> ABOUT THIS EXERCISE: Reproduce exactly the lines that run from the start of the records below to the line with "[&& j != ord_pred i, j != i & j != ordS i].", inclusive.

[Collected data]
= = = = = = =

(* Any quadric which vanishes on $W_d$ is a linear combination of elements of $\mathcal{D}$.
   Context: Let $P_d$ be a convex polygon with $d\ge 4$ vertices $v_1,\dots,v_d$ (indices mod $d$) over a field $\mathbb{K}$ with no three edge lines concurrent. With ${\bf v}_i=(v_i,1)$, $\alpha_j=|{\bf v}_{j-1}\,{\bf v}_j\,{\bf v}_{j+1}|$, $\ell_j=|{\bf v}_j\,{\bf v}_{j+1}\,{\bf p}|$, ${\bf p}=(x,y,z)$, $b_i=\alpha_i\prod_{j\ne i-1,i}\ell_j$, the Wachspress surface $W_d\subseteq\mathbb{P}^{d-1}$ is the closure of the image of $p\mapsto(b_1,\dots,b_d)$. In $S=\mathbb{K}[x_1,\ldots,x_d]$, a diagonal monomial is $x_ix_j$ with $j\notin\{i-1,i,i+1\}$, and $\mathcal{D}\subseteq S_2$ is the span of the diagonal monomials. *)

From HB Require Import structures.
From mathcomp Require Import all_boot all_order all_algebra.
From mathcomp Require Import mpoly.
Set Implicit Arguments. Unset Strict Implicit. Unset Printing Implicit Defensive.
Import Order.TTheory GRing.Theory Num.Theory.
Local Open Scope ring_scope.

Definition det3 (T : comNzRingType) (a b c : 'I_3 -> T) : T :=
  \det (\matrix_(r < 3, k < 3)
          (if r == 0 :> nat then a k else if r == 1 :> nat then b k else c k)).

Section Wachspress.
Variables (R : realFieldType) (d : nat) (v : 'I_d -> R * R).

Definition vhom (i : 'I_d) : 'I_3 -> R :=
  fun k => [:: (v i).1; (v i).2; 1]`_k.

Definition walpha (j : 'I_d) : R :=
  det3 (vhom (ord_pred j)) (vhom j) (vhom (ordS j)).

Definition well (j : 'I_d) : {mpoly R[3]} :=
  det3 (fun k => (vhom j k)%:MP) (fun k => (vhom (ordS j) k)%:MP)
       (fun k => 'X_k).

Definition wb (i : 'I_d) : {mpoly R[3]} :=
  walpha i *: \prod_(j : 'I_d | (j != ord_pred i) && (j != i)) well j.

(* x_i x_j is a diagonal monomial iff j not in {i-1, i, i+1} (mod d) *)
Definition diagonal_pair (i j : 'I_d) : bool :=
  [&& j != ord_pred i, j != i & j != ordS i].

(* P_d is a (strictly) convex polygon with vertices v_1..v_d listed in cyclic
   order (either orientation): all other vertices lie strictly on one
   common side of each edge line. *)
Definition convex_polygon : Prop :=
  (forall i j : 'I_d, j != i -> j != ordS i ->
     0 < det3 (vhom i) (vhom (ordS i)) (vhom j)) \/
  (forall i j : 'I_d, j != i -> j != ordS i ->
     det3 (vhom i) (vhom (ordS i)) (vhom j) < 0).

Definition no_three_edge_lines_concurrent : Prop :=
  forall i j k : 'I_d, i != j -> j != k -> i != k ->
    forall p : 'I_3 -> R, (exists k, p k != 0) ->
      ~ [/\ (well i).@[p] = 0, (well j).@[p] = 0 & (well k).@[p] = 0].

(* The quadric q vanishes on W_d: it vanishes at every point of the image of
   p |-> (b_1(p) : ... : b_d(p)) (equivalently on its Zariski closure). *)
Definition vanishes_on_W (q : {mpoly R[d]}) : Prop :=
  forall p : 'I_3 -> R, (exists i, (wb i).@[p] != 0) ->
    q.@[fun i => (wb i).@[p]] = 0.

Definition in_diag_span (q : {mpoly R[d]}) : Prop :=
  exists c : 'I_d -> 'I_d -> R,
    q = \sum_(i : 'I_d) \sum_(j : 'I_d | diagonal_pair i j)
          c i j *: ('X_i * 'X_j).

End Wachspress.

From HB Require Import structures.
From mathcomp Require Import all_boot all_order all_algebra.
From mathcomp Require Import mpoly.
From mathcomp Require Import ring zify.
Import Order.TTheory GRing.Theory Num.Theory.
Local Open Scope ring_scope.

(* Write q = sum_(i <= j) c_ij x_i x_j.  At a vertex v_k every b_i with i <> k
   contains a factor ell_j vanishing at v_k, while convexity keeps all factors
   of b_k nonzero; so q(b(v_k)) = c_kk b_k(v_k)^2 forces c_kk = 0.  At the point
   v_k + v_(k+1) of the edge line ell_k only b_k and b_(k+1) survive, both
   nonzero because the other vertices lie strictly on one side of each edge
   line; with the squares already gone this leaves c_(k,k+1) b_k b_(k+1) = 0.
   Hence only the coefficients of diagonal monomials can be nonzero. *)

Lemma liftE m (i : 'I_m.+1) (j : 'I_m) : lift i j = inord (bump i j).
Proof. by apply: val_inj; rewrite /= inordK // (ltn_ord (lift i j)). Qed.

Lemma det3E (T : comNzRingType) (a b c : 'I_3 -> T) :
  det3 a b c = a (inord 0) * (b (inord 1) * c (inord 2) - b (inord 2) * c (inord 1))
             - a (inord 1) * (b (inord 0) * c (inord 2) - b (inord 2) * c (inord 0))
             + a (inord 2) * (b (inord 0) * c (inord 1) - b (inord 1) * c (inord 0)).
Proof.
rewrite /det3 (expand_det_row _ ord0) !big_ord_recl big_ord0 /cofactor.
rewrite !(expand_det_row _ ord0) !big_ord_recl !big_ord0 /cofactor !det_mx11.
rewrite !mxE /= !liftE /bump /= !addn0 !add0n.
have -> : (ord0 : 'I_3) = inord 0 by apply: val_inj; rewrite /= inordK.
do ?rewrite inordK //=.
rewrite -[(1+1)%N]/2%N -[(1+0)%N]/1%N -[(0+1)%N]/1%N -[(0+0)%N]/0%N; ring.
Qed.

Lemma det3D (T : comNzRingType) (a b c c' : 'I_3 -> T) :
  det3 a b (fun k => c k + c' k) = det3 a b c + det3 a b c'.
Proof. rewrite !det3E; ring. Qed.

Lemma det3_eq13 (T : comNzRingType) (a b : 'I_3 -> T) : det3 a b a = 0.
Proof. rewrite !det3E; ring. Qed.

Lemma det3_eq23 (T : comNzRingType) (a b : 'I_3 -> T) : det3 a b b = 0.
Proof. rewrite !det3E; ring. Qed.

Lemma ordS_neq n (i : 'I_n) : (1 < n)%N -> ordS i != i.
Proof.
move=> hn; apply/eqP => /(congr1 val) /=; have := ltn_ord i.
case: (ltngtP i.+1 n) => [h|h|h] hi; last by rewrite h modnn; lia.
- by rewrite modn_small //; lia.
- lia.
Qed.

Lemma ordSS_neq n (i : 'I_n) : (2 < n)%N -> ordS (ordS i) != i.
Proof.
move=> hn; apply/eqP => /(congr1 val) /=; have := ltn_ord i.
case: (ltngtP i.+2 n) => h hi.
- by rewrite !modn_small //; lia.
- have -> : i.+1 = n by lia.
  by rewrite modnn modn_small //; lia.
- by rewrite (modn_small (_ : i.+1 < n)%N) ?h ?modnn; lia.
Qed.

Lemma ordS_eq n (i j : 'I_n) : (ordS j == i) = (j == ord_pred i).
Proof. by apply/eqP/eqP => [<-|->]; [rewrite ordSK | rewrite ord_predK]. Qed.

Lemma ord_pred_neq n (i : 'I_n) : (1 < n)%N -> ord_pred i != i.
Proof. by move=> hn; rewrite eq_sym -ordS_eq ordS_neq. Qed.

Lemma ord_pred_neq_ordS n (i : 'I_n) : (2 < n)%N -> ord_pred i != ordS i.
Proof. by move=> hn; rewrite -(inj_eq (@ordS_inj n)) ord_predK eq_sym ordSS_neq. Qed.

Lemma sum_supp2 {T : finType} {M : nmodType} {F : T -> M} {a b : T} : a != b ->
  (forall i, i != a -> i != b -> F i = 0) -> \sum_i F i = F a + F b.
Proof.
move=> ab F0; rewrite (bigD1 a) //= (bigD1 b) 1?eq_sym //= big1 ?addr0 //.
by move=> i /andP[ia ib]; apply: F0.
Qed.

Lemma mdeg_eq2 {n} {m : 'X_{1..n}} : mdeg m = 2%N -> exists a b, m = (U_(a) + U_(b))%MM.
Proof.
move=> hm; have [a ma] : exists a, (0 < m a)%N.
  apply/existsP; apply: contraT; rewrite negb_exists => /forallP m0.
  by move: hm; rewrite mdegE big1 // => i _; apply/eqP; rewrite -leqn0 leqNgt m0.
have mE : m = (U_(a) + (m - U_(a)))%MM.
  apply/mnmP => i; rewrite mnmDE mnmBE mnm1E.
  by case: eqP => [<-|_]; [rewrite add1n subn1 prednK | rewrite add0n subn0].
have : mdeg (m - U_(a))%MM == 1%N.
  by have := mdegD U_(a) (m - U_(a))%MM; rewrite -mE hm mdeg1 add1n => -[<-].
by case/mdeg1P => b /eqP mb; exists a, b; rewrite mE mb.
Qed.

Lemma mnm1D_inj {n} {i j a b : 'I_n} : (U_(i) + U_(j) = U_(a) + U_(b))%MM ->
  (i = a /\ j = b) \/ (i = b /\ j = a).
Proof.
move=> E; have Ei := congr1 (fun m : 'X_{1..n} => m i) E.
rewrite /= !mnmDE !mnm1E eqxx in Ei.
have addmI1 (x y z : 'I_n) : (U_(x) + U_(y) = U_(x) + U_(z))%MM -> y = z.
  by move/addmI/eqP; rewrite eq_mnm1 => /eqP.
case: (eqVneq a i) => [ai|ai].
  by subst a; left; split=> //; apply: (addmI1 i).
case: (eqVneq b i) Ei => [bi|bi]; last by rewrite (negbTE ai).
by subst b; right; split=> //; apply: (addmI1 i); rewrite E addmC.
Qed.

Section QuadraticForms.
Context {R : comNzRingType} {n : nat}.
Implicit Types (q : {mpoly R[n]}) (x : 'I_n -> R).

Definition qcoef q (i j : 'I_n) : R :=
  if (i <= j)%N then q@_(U_(i) + U_(j)) else 0.

Lemma qcoef_diag q a : qcoef q a a = q@_(U_(a) + U_(a)).
Proof. by rewrite /qcoef leqnn. Qed.

Lemma qcoef_eq0 q i j : q@_(U_(i) + U_(j)) = 0 -> qcoef q i j = 0.
Proof. by rewrite /qcoef => ->; case: ifP. Qed.

Lemma qcoefDC q {a b} : a != b -> qcoef q a b + qcoef q b a = q@_(U_(a) + U_(b)).
Proof.
move=> ab; rewrite /qcoef; case: (ltngtP a b) => [_|_|/val_inj abE].
- by rewrite addr0.
- by rewrite add0r addmC.
- by rewrite abE eqxx in ab.
Qed.

Lemma homog2_mpolyE q : q \is 2.-homog ->
  q = \sum_i \sum_j qcoef q i j *: ('X_i * 'X_j).
Proof.
move=> hq; apply/mpolyP => m; rewrite raddf_sum /=.
under eq_bigr => i _ do rewrite raddf_sum /=.
under eq_bigr => i _ do under eq_bigr => j _ do rewrite mcoeffZ -mpolyXD mcoeffX.
have [m2|m2] := eqVneq (mdeg m) 2%N; last first.
  rewrite (dhomog_nemf_coeff hq m2) big1 // => i _; rewrite big1 // => j _.
  case: eqP => [mE|_]; last by rewrite mulr0.
  by move: m2; rewrite -mE mdegD !mdeg1 eqxx.
have [a [b ->]] := mdeg_eq2 m2.
wlog ab : a b / (a <= b)%N.
  by move=> W; case: (leqP a b) => [|/ltnW] ba; [|rewrite addmC]; apply: W.
rewrite (bigD1 a) //= [X in _ + X]big1 ?addr0 => [|i ia]; last first.
  rewrite big1 // => j _; case: eqP => [/mnm1D_inj [[ai _]|[bi aj]]|_]; rewrite ?mulr0 //.
    by rewrite ai eqxx in ia.
  rewrite /qcoef bi aj; case: (ltngtP a b) ab => // [_|/val_inj ab] _; first by rewrite mul0r.
  by rewrite bi ab eqxx in ia.
rewrite (bigD1 b) //= [X in _ + X]big1 ?addr0 => [|j jb]; last first.
  case: eqP => [/mnm1D_inj [[_ bj]|[ab' aj]]|_]; rewrite ?mulr0 //.
    by rewrite bj eqxx in jb.
  by rewrite aj ab' eqxx in jb.
by rewrite eqxx mulr1 /qcoef ab.
Qed.

Lemma homog2_mevalE q x : q \is 2.-homog ->
  q.@[x] = \sum_i \sum_j qcoef q i j * (x i * x j).
Proof.
move=> hq; rewrite {1}(homog2_mpolyE q hq) rmorph_sum; apply: eq_bigr => i _.
rewrite rmorph_sum; apply: eq_bigr => j _.
by rewrite /= mevalZ mevalM !mevalXU.
Qed.

Lemma homog2_meval_supp2 {q x a b} : q \is 2.-homog -> a != b ->
    (forall i, i != a -> i != b -> x i = 0) ->
  q.@[x] = q@_(U_(a) + U_(a)) * x a ^+ 2 + q@_(U_(a) + U_(b)) * (x a * x b)
           + q@_(U_(b) + U_(b)) * x b ^+ 2.
Proof.
move=> hq ab x0; rewrite homog2_mevalE // (sum_supp2 ab) => [|i ia ib]; last first.
  by rewrite big1 // => j _; rewrite x0 // mul0r mulr0.
have supp_ab i : \sum_j qcoef q i j * (x i * x j)
                 = qcoef q i a * (x i * x a) + qcoef q i b * (x i * x b).
  by rewrite (sum_supp2 ab) // => j ja jb; rewrite (x0 j) // !mulr0.
rewrite !supp_ab -!qcoef_diag -(qcoefDC q ab); ring.
Qed.

End QuadraticForms.

Section WachspressCoordinates.
Context {R : realFieldType} {d : nat} (v : 'I_d -> R * R).

Local Notation ell j p := (det3 (vhom v j) (vhom v (ordS j)) p).

Lemma well_meval j p : (well v j).@[p] = ell j p.
Proof.
rewrite /well !det3E.
by rewrite !rmorphD !rmorphN !rmorphM /= !rmorphB /= !rmorphM /= !mevalC !mevalXU.
Qed.

Lemma wb_meval i p : (wb v i).@[p] =
  walpha v i * \prod_(j | (j != ord_pred i) && (j != i)) ell j p.
Proof.
rewrite /wb mevalZ rmorph_prod; congr (_ * _).
by apply: eq_bigr => j _; apply: well_meval.
Qed.

Lemma wb_meval_eq0 i p j : j != ord_pred i -> j != i -> ell j p = 0 ->
  (wb v i).@[p] = 0.
Proof. by move=> j1 j2 ell0; rewrite wb_meval (bigD1 j) ?j1 //= ell0 mul0r mulr0. Qed.

Hypotheses (hd : (2 < d)%N) (hconv : convex_polygon v).

Lemma convex_edge_sign : exists2 s : R,
  forall i t, 0 <= s * ell i (vhom v t) &
  forall i j, j != i -> j != ordS i -> 0 < s * ell i (vhom v j).
Proof.
have [s pos] : exists s : R,
    forall i j, j != i -> j != ordS i -> 0 < s * ell i (vhom v j).
  case: hconv => sgn; [exists 1 | exists (-1)] => i j ji jSi.
  - by rewrite mul1r sgn.
  - by rewrite mulN1r oppr_gt0 sgn.
exists s => // i t; have [-> | ti] := eqVneq t i; first by rewrite det3_eq13 mulr0.
have [-> | tSi] := eqVneq t (ordS i); first by rewrite det3_eq23 mulr0.
exact/ltW/pos.
Qed.

Lemma ell_vertexD_neq0 i j t : j != i -> j != ordS i ->
  ell i (vhom v j) + ell i (vhom v t) != 0.
Proof.
move=> ji jSi; have [s ge0 pos] := convex_edge_sign.
have : 0 < s * (ell i (vhom v j) + ell i (vhom v t)).
  by rewrite mulrDr; apply: ltr_wpDr (ge0 i t) (pos i j ji jSi).
by apply: contraTneq => ->; rewrite mulr0 ltxx.
Qed.

Lemma ell_vertex_neq0 i j : j != i -> j != ordS i -> ell i (vhom v j) != 0.
Proof.
move=> ji jSi; have := ell_vertexD_neq0 i j i ji jSi.
by rewrite det3_eq13 addr0.
Qed.

Lemma walpha_neq0 i : walpha v i != 0.
Proof.
rewrite /walpha -[in vhom v i](ord_predK i); apply: ell_vertex_neq0.
- by rewrite eq_sym ord_pred_neq_ordS.
- by rewrite ord_predK ordS_neq // ltnW.
Qed.

Lemma wb_meval_neq0 i p : (forall j, j != ord_pred i -> j != i -> ell j p != 0) ->
  (wb v i).@[p] != 0.
Proof.
move=> ell_neq0; rewrite wb_meval mulf_neq0 ?walpha_neq0 //.
by apply/prodf_neq0 => j /andP[]; apply: ell_neq0.
Qed.

Lemma wb_vertex_neq0 k : (wb v k).@[vhom v k] != 0.
Proof.
apply: wb_meval_neq0 => j jPk jk; apply: ell_vertex_neq0; first by rewrite eq_sym.
by rewrite eq_sym ordS_eq.
Qed.

Lemma wb_vertex_eq0 i k : i != k -> (wb v i).@[vhom v k] = 0.
Proof.
move=> ik; have [iSk | iSk] := eqVneq i (ordS k).
  apply: (@wb_meval_eq0 _ _ (ord_pred k)); rewrite ?iSk ?ordSK.
  - by rewrite ord_pred_neq // ltnW.
  - exact: ord_pred_neq_ordS.
  - by rewrite ord_predK det3_eq23.
apply: (@wb_meval_eq0 _ _ k); last exact: det3_eq13.
- by rewrite -ordS_eq eq_sym.
- by rewrite eq_sym.
Qed.

Definition edge_mid k : 'I_3 -> R := fun t => vhom v k t + vhom v (ordS k) t.

Lemma wb_edge_mid_eq0 i k : i != k -> i != ordS k -> (wb v i).@[edge_mid k] = 0.
Proof.
move=> ik iSk; apply: (@wb_meval_eq0 _ _ k).
- by rewrite -ordS_eq eq_sym.
- by rewrite eq_sym.
- by rewrite det3D det3_eq13 det3_eq23 addr0.
Qed.

Lemma wb_edge_mid_neq0 i k : (i == k) || (i == ordS k) ->
  (wb v i).@[edge_mid k] != 0.
Proof.
case/orP=> /eqP ->; apply: wb_meval_neq0 => j jP ji; rewrite det3D.
- apply: ell_vertexD_neq0; first by rewrite eq_sym.
  by rewrite eq_sym ordS_eq.
- rewrite ordSK in jP; rewrite addrC; apply: ell_vertexD_neq0; first by rewrite eq_sym.
  by rewrite (inj_eq (@ordS_inj d)) eq_sym.
Qed.

Context {q : {mpoly R[d]}}.
Hypotheses (hq : q \is 2.-homog) (hvan : vanishes_on_W v q).

Lemma vanishes_on_W_square_coef k : q@_(U_(k) + U_(k)) = 0.
Proof.
pose x i := (wb v i).@[vhom v k].
have kSk : k != ordS k by rewrite eq_sym ordS_neq // ltnW.
have x0 i : i != k -> x i = 0 by apply: wb_vertex_eq0.
have : q.@[x] = 0 by apply: hvan; exists k; apply: wb_vertex_neq0.
rewrite (homog2_meval_supp2 hq kSk) => [|i ik _]; last exact: x0.
rewrite [x (ordS k)]x0 1?eq_sym // expr0n !mulr0 !addr0.
by move/eqP; rewrite mulf_eq0 expf_eq0 (negbTE (wb_vertex_neq0 k)) orbF => /eqP.
Qed.

Lemma vanishes_on_W_edge_coef k : q@_(U_(k) + U_(ordS k)) = 0.
Proof.
pose x i := (wb v i).@[edge_mid k].
have kSk : k != ordS k by rewrite eq_sym ordS_neq // ltnW.
have xk : x k != 0 by apply: wb_edge_mid_neq0; rewrite eqxx.
have xSk : x (ordS k) != 0 by apply: wb_edge_mid_neq0; rewrite eqxx orbT.
have : q.@[x] = 0 by apply: hvan; exists k.
rewrite (homog2_meval_supp2 hq kSk) => [|i ik iSk]; last exact: wb_edge_mid_eq0.
rewrite !vanishes_on_W_square_coef !mul0r addr0 add0r.
by move/eqP; rewrite !mulf_eq0 (negbTE xk) (negbTE xSk) !orbF => /eqP.
Qed.

End WachspressCoordinates.

Theorem lemma3p1 (R : realFieldType) (d : nat) (v : 'I_d -> R * R)
  (hd : (4 <= d)%N)
  (hconv : convex_polygon v)
  (hconc : no_three_edge_lines_concurrent v)
  (q : {mpoly R[d]}) (hq : q \is 2.-homog)
  (hvan : vanishes_on_W v q) :
  in_diag_span q.
Proof.
have d2 : (2 < d)%N by apply: leq_trans hd.
exists (qcoef q); rewrite {1}(homog2_mpolyE q hq); apply: eq_bigr => i _.
rewrite [RHS]big_mkcond /=; apply: eq_bigr => j _.
case: ifP => // /negbT; rewrite /diagonal_pair !negb_and !negbK => ndiag.
suff -> : qcoef q i j = 0 by rewrite scale0r.
have square0 := vanishes_on_W_square_coef v d2 hconv hq hvan.
have edge0 := vanishes_on_W_edge_coef v d2 hconv hq hvan.
apply: qcoef_eq0; case/or3P: ndiag => /eqP ->.
- by rewrite addmC -{2}(ord_predK i) edge0.
- exact: square0.
- exact: edge0.
Qed.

= = = = = = =

> SOLUTION TO THIS EXERCISE:
(* Any quadric which vanishes on $W_d$ is a linear combination of elements of $\mathcal{D}$.
   Context: Let $P_d$ be a convex polygon with $d\ge 4$ vertices $v_1,\dots,v_d$ (indices mod $d$) over a field $\mathbb{K}$ with no three edge lines concurrent. With ${\bf v}_i=(v_i,1)$, $\alpha_j=|{\bf v}_{j-1}\,{\bf v}_j\,{\bf v}_{j+1}|$, $\ell_j=|{\bf v}_j\,{\bf v}_{j+1}\,{\bf p}|$, ${\bf p}=(x,y,z)$, $b_i=\alpha_i\prod_{j\ne i-1,i}\ell_j$, the Wachspress surface $W_d\subseteq\mathbb{P}^{d-1}$ is the closure of the image of $p\mapsto(b_1,\dots,b_d)$. In $S=\mathbb{K}[x_1,\ldots,x_d]$, a diagonal monomial is $x_ix_j$ with $j\notin\{i-1,i,i+1\}$, and $\mathcal{D}\subseteq S_2$ is the span of the diagonal monomials. *)

From HB Require Import structures.
From mathcomp Require Import all_boot all_order all_algebra.
From mathcomp Require Import mpoly.
Set Implicit Arguments. Unset Strict Implicit. Unset Printing Implicit Defensive.
Import Order.TTheory GRing.Theory Num.Theory.
Local Open Scope ring_scope.

Definition det3 (T : comNzRingType) (a b c : 'I_3 -> T) : T :=
  \det (\matrix_(r < 3, k < 3)
          (if r == 0 :> nat then a k else if r == 1 :> nat then b k else c k)).

Section Wachspress.
Variables (R : realFieldType) (d : nat) (v : 'I_d -> R * R).

Definition vhom (i : 'I_d) : 'I_3 -> R :=
  fun k => [:: (v i).1; (v i).2; 1]`_k.

Definition walpha (j : 'I_d) : R :=
  det3 (vhom (ord_pred j)) (vhom j) (vhom (ordS j)).

Definition well (j : 'I_d) : {mpoly R[3]} :=
  det3 (fun k => (vhom j k)%:MP) (fun k => (vhom (ordS j) k)%:MP)
       (fun k => 'X_k).

Definition wb (i : 'I_d) : {mpoly R[3]} :=
  walpha i *: \prod_(j : 'I_d | (j != ord_pred i) && (j != i)) well j.

(* x_i x_j is a diagonal monomial iff j not in {i-1, i, i+1} (mod d) *)
Definition diagonal_pair (i j : 'I_d) : bool :=
  [&& j != ord_pred i, j != i & j != ordS i].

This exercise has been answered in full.